Note:
This topic has been translated from a Chinese forum by GPT and might contain errors.
Original topic: 关于热点问题的解决-SHARD_ROW_ID_BITS
[TiDB Usage Environment] Test
[TiDB Version] 5.4
[Problem Encountered] How to disperse hotspots in tables with primary keys? Non-clustered index tables can directly set the SHARD_ROW_ID_BITS parameter, but if the table itself has a primary key, it cannot be set. How to solve this?
[Reproduction Path]
mysql> CREATE TABLE t (a BIGINT PRIMARY KEY AUTO_RANDOM, b varchar(255) ) SHARD_ROW_ID_BITS = 4;
ERROR 8200 (HY000): Unsupported shard_row_id_bits for table with primary key as row id
[Problem Phenomenon and Impact]
All tables in the business have primary keys. Does this mean that hotspots cannot be resolved?
[Attachment]
AUTO_RANDOM itself is already scattered.
Thank you, everyone. If hotspots still occur after sharding, how can we resolve them?
Did you still encounter hotspots when using AUTO_RANDOM?

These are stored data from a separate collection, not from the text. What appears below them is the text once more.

(* Let $\gamma\in[0,1]$. Let $\Lambda:\mathbb{R}\to\mathbb{R}$ be $C^2$, monotonically increasing and bi-asymptotically constant with $\lim_{t\to\pm\infty}\Lambda(t)=\lambda^\pm$, and for $r>0$ put $\Lambda_r(\tau)=\Lambda(r\tau)$. Let $V_p(\Lambda_r(\tau))>0$ and $c(\Lambda_r(\tau))>0$ be parameter functions, set $V_p^-=\lim_{\tau\to-\infty}V_p(\Lambda_r(\tau))>0$, and consider the nonautonomous system $$\frac{dv}{d\tau}=\frac{(1-\gamma)V_p(\Lambda_r(\tau))^2}{(V_p^-)^2}m^3-(1-\gamma m^3)v^2,\qquad \frac{dm}{d\tau}=(1-m)v-c(\Lambda_r(\tau))m .$$ Assume the frozen system (parameters fixed at $\Lambda_r=\lambda$) has three equilibria at $\lambda=\lambda^-$, namely $\mathcal{O}=(0,0)$, a saddle $\mathcal{U}^-$ and a stable storm state $\mathcal{S}^-$, and three equilibria at $\lambda=\lambda^+$, namely $\mathcal{O}$, $\mathcal{U}^+$, $\mathcal{S}^+$. Assume there exist continuous paths $(\tau,p_u(\tau))$ and $(\tau,p_s(\tau))$, where for each $\tau$, $p_u(\tau)$ is the unstable (saddle) storm equilibrium and $p_s(\tau)$ the stable storm equilibrium of the frozen system at $\Lambda_r(\tau)$, with $p_u(\tau)\ne p_s(\tau)$ for all $\tau$, $p_u(\tau)\to\mathcal{U}^\pm$ and $p_s(\tau)\to\mathcal{S}^\pm$ as $\tau\to\pm\infty$. If either $\tau\mapsto V_p(\Lambda_r(\tau))$ or $\tau\mapsto c(\Lambda_r(\tau))$ is nonincreasing, then there is no rate-induced tipping away from the stable storm state $\mathcal{S}^-$ to the non-storm state $\mathcal{O}$: the solution that converges to $\mathcal{S}^-$ as $\tau\to-\infty$ does not converge to $\mathcal{O}$ as $\tau\to\infty$.
   Context: For frozen parameter values, the positive equilibria are the points $(v,v/(v+c))$ with $v>0$ a zero of $p(v,V_p,c)=(1-\gamma)(V_p/V_p^-)^2v+\gamma v^3-(v+c)^3$; $\mathcal{O}=(0,0)$ is always a stable equilibrium (non-storm state). Rate-induced tipping away from $\mathcal{S}^-$ to $\mathcal{O}$ means that for some rate $r>0$ the solution of the nonautonomous system limiting to $\mathcal{S}^-$ as $\tau\to-\infty$ fails to end-point track the stable path $p_s$ and instead converges to $\mathcal{O}$ as $\tau\to\infty$. *)

From Stdlib Require Import Reals.
From Coquelicot Require Import Coquelicot.
Open Scope R_scope.

Definition C2 (f : R -> R) : Prop :=
  forall t, ex_derive f t /\ ex_derive (Derive f) t /\ continuous (Derive_n f 2) t.

Definition bi_asymp_const (f : R -> R) (lm lp : R) : Prop :=
  is_lim f m_infty lm /\ is_lim f p_infty lp /\
  is_lim (Derive f) m_infty 0 /\ is_lim (Derive f) p_infty 0.

Definition F1 (gamma : R) (Vp : R -> R) (Vpm lam v m : R) : R :=
  (1 - gamma) * (Vp lam) ^ 2 / Vpm ^ 2 * m ^ 3 - (1 - gamma * m ^ 3) * v ^ 2.
Definition F2 (c : R -> R) (lam v m : R) : R :=
  (1 - m) * v - c lam * m.

Definition equilibrium gamma Vp c Vpm lam (e : R * R) : Prop :=
  F1 gamma Vp Vpm lam (fst e) (snd e) = 0 /\ F2 c lam (fst e) (snd e) = 0.

Definition J11 gamma Vp Vpm lam (e : R * R) : R :=
  Derive (fun v => F1 gamma Vp Vpm lam v (snd e)) (fst e).
Definition J12 gamma Vp Vpm lam (e : R * R) : R :=
  Derive (fun m => F1 gamma Vp Vpm lam (fst e) m) (snd e).
Definition J21 c lam (e : R * R) : R :=
  Derive (fun v => F2 c lam v (snd e)) (fst e).
Definition J22 c lam (e : R * R) : R :=
  Derive (fun m => F2 c lam (fst e) m) (snd e).

Definition jac_eigenvalue gamma Vp c Vpm lam (e : R * R) (z : C) : Prop :=
  Cminus (Cmult (Cminus (RtoC (J11 gamma Vp Vpm lam e)) z)
                (Cminus (RtoC (J22 c lam e)) z))
         (RtoC (J12 gamma Vp Vpm lam e * J21 c lam e)) = RtoC 0.

Definition stable_eq gamma Vp c Vpm lam (e : R * R) : Prop :=
  equilibrium gamma Vp c Vpm lam e /\
  forall z : C, jac_eigenvalue gamma Vp c Vpm lam e z -> Re z < 0.

Definition saddle_eq gamma Vp c Vpm lam (e : R * R) : Prop :=
  equilibrium gamma Vp c Vpm lam e /\
  exists l1 l2 : R, l1 < 0 < l2 /\
    jac_eigenvalue gamma Vp c Vpm lam e (RtoC l1) /\
    jac_eigenvalue gamma Vp c Vpm lam e (RtoC l2).

Definition three_equilibria gamma Vp c Vpm lam (U S : R * R) : Prop :=
  0 < fst U /\ 0 < fst S /\
  saddle_eq gamma Vp c Vpm lam U /\ stable_eq gamma Vp c Vpm lam S /\
  (forall e : R * R, 0 <= fst e ->
     (equilibrium gamma Vp c Vpm lam e <-> e = (0, 0) \/ e = U \/ e = S)).

Definition cvg_to (f : R -> R * R) (F : Rbar) (p : R * R) : Prop :=
  filterlim f (Rbar_locally F) (locally p).

Definition nonincreasing (f : R -> R) : Prop :=
  forall s t, s <= t -> f t <= f s.

From Stdlib Require Import Reals Lra Lia Psatz Classical.
From Coquelicot Require Import Coquelicot.
Open Scope R_scope.

(* Along the stable path every frozen storm state (v, m) satisfies the stability condition
   [phi gamma m > 0] and [c ^ 2 = (1 - gamma) (Vp / Vpm) ^ 2 kappa gamma m], and [kappa gamma]
   is decreasing where [phi gamma > 0].  The m-coordinates of the path have a lower bound M with
   [phi gamma M > 0], so [c ^ 2 <= (1 - gamma) (Vp / Vpm) ^ 2 K] with [K = kappa gamma M <
   kappa gamma mu] for some [0 < mu < M].  If [s] (either [Vp] or [c] along the parameter path)
   is nonincreasing, this uniform gap yields a width [w] such that the vector field points into
   [{v > s w, m > mu}] on its boundary.  The solution leaving S- lies in this region near -oo,
   hence forever, and [m > mu] keeps it away from O. *)

(** * Real analysis *)

Lemma filterlim_gt {T} {F : (T -> Prop) -> Prop} (f : T -> R) (l a : R) :
  filterlim f F (locally l) -> a < l -> F (fun t => a < f t).
Proof. intros H Hl; exact (H _ (locally_open _ _ (open_gt a) (fun _ h => h) l Hl)). Qed.

Lemma filterlim_lt {T} {F : (T -> Prop) -> Prop} (f : T -> R) (l a : R) :
  filterlim f F (locally l) -> l < a -> F (fun t => f t < a).
Proof. intros H Hl; exact (H _ (locally_open _ _ (open_lt a) (fun _ h => h) l Hl)). Qed.

Lemma filterlim_ge_of_gt {T} {F : (T -> Prop) -> Prop} {FF : ProperFilter F}
  (f : T -> R) (l a : R) :
  filterlim f F (locally l) -> (forall t, a < f t) -> a <= l.
Proof.
  intros H Ha.
  exact (filterlim_le (fun _ => a) f a l (filter_forall _ (fun t => Rlt_le _ _ (Ha t)))
           (filterlim_const a) H).
Qed.

Lemma cvg_to_fst (f : R -> R * R) (F : Rbar) (p : R * R) :
  cvg_to f F p -> filterlim (fun t => fst (f t)) (Rbar_locally F) (locally (fst p)).
Proof.
  intro H; destruct p as [x y]; exact (filterlim_comp _ _ _ _ _ _ _ _ H (continuous_fst x y)).
Qed.

Lemma cvg_to_snd (f : R -> R * R) (F : Rbar) (p : R * R) :
  cvg_to f F p -> filterlim (fun t => snd (f t)) (Rbar_locally F) (locally (snd p)).
Proof.
  intro H; destruct p as [x y]; exact (filterlim_comp _ _ _ _ _ _ _ _ H (continuous_snd x y)).
Qed.

Lemma filterlim_scal_m_infty (r : R) :
  0 < r -> filterlim (fun t => r * t) (Rbar_locally m_infty) (Rbar_locally m_infty).
Proof.
  intros Hr P [M HM]; exists (M / r); intros t Ht; apply HM.
  apply (Rmult_lt_compat_l r) in Ht; [|exact Hr].
  replace (r * (M / r)) with M in Ht by (field; lra); exact Ht.
Qed.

I mean, hypothetically, if it happens again, should we continue to break it up? If we continue to break it up, how should we do it? Because currently, there is a business considering using TiDB to replace MySQL, and I need to take some situations into account in advance.
AUTO_RANDOM itself is random. If it can still generate hotspots, the system pressure must be quite high. Consider adding more nodes.
Alright, it seems that’s the only way. At least I know what to do when a certain situation occurs. Thank you.
Another possibility is that a large number of requests frequently query a small table, forming a hotspot in a single Region. You can manually split the region or consider using the caching table feature in version 6.0 to optimize.
Thank you. Could you provide a document link for manually splitting regions so I can study it?
By the way, if a heatmap shows that an index has become a hotspot, what should be done? The index is a non-clustered index, for example:
The official TiDB documentation has a dedicated section on handling hotspot issues. If these methods cannot solve your problem, you might consider choosing other technologies, such as Redis.
Check out the usage of pd-ctl
By using AUTO_RANDOM, the primary key read and write operations on the table have been dispersed, so hotspots will not occur. However, if a secondary index is created in the table, high concurrency might cause the secondary index to form hotspots. You can continue to disperse the index.
If an index is created on a date field (with date precision to the day or hour), will such a secondary index easily cause hotspots under high concurrency?
Index hotspots typically occur when data is inserted into monotonically increasing fields at the same time, or when a large number of duplicate values are inserted simultaneously. Here, index hotspots refer to indexes on monotonically increasing fields or duplicate value fields.
Based on the KV mapping principle of indexes, it can be understood that:
-
The index key structure in the primary key or unique index of a non-clustered table is: TableID_IndexID_IndexColumnValue
. When data is batch inserted into a monotonically increasing field at the same time, the index key will inevitably be continuous and will be written into a single Region, forming a write hotspot. Therefore, if the date field in your batch insert data is an automatically obtained value like now(), it will create a hotspot.
-
The key structure of a regular secondary index is: TableID_IndexID_IndexColumnValue_TableRowID
. If a large number of duplicate values are inserted at the same time, it will also create a write hotspot.
auto_random cannot guarantee orderliness, please take note of this.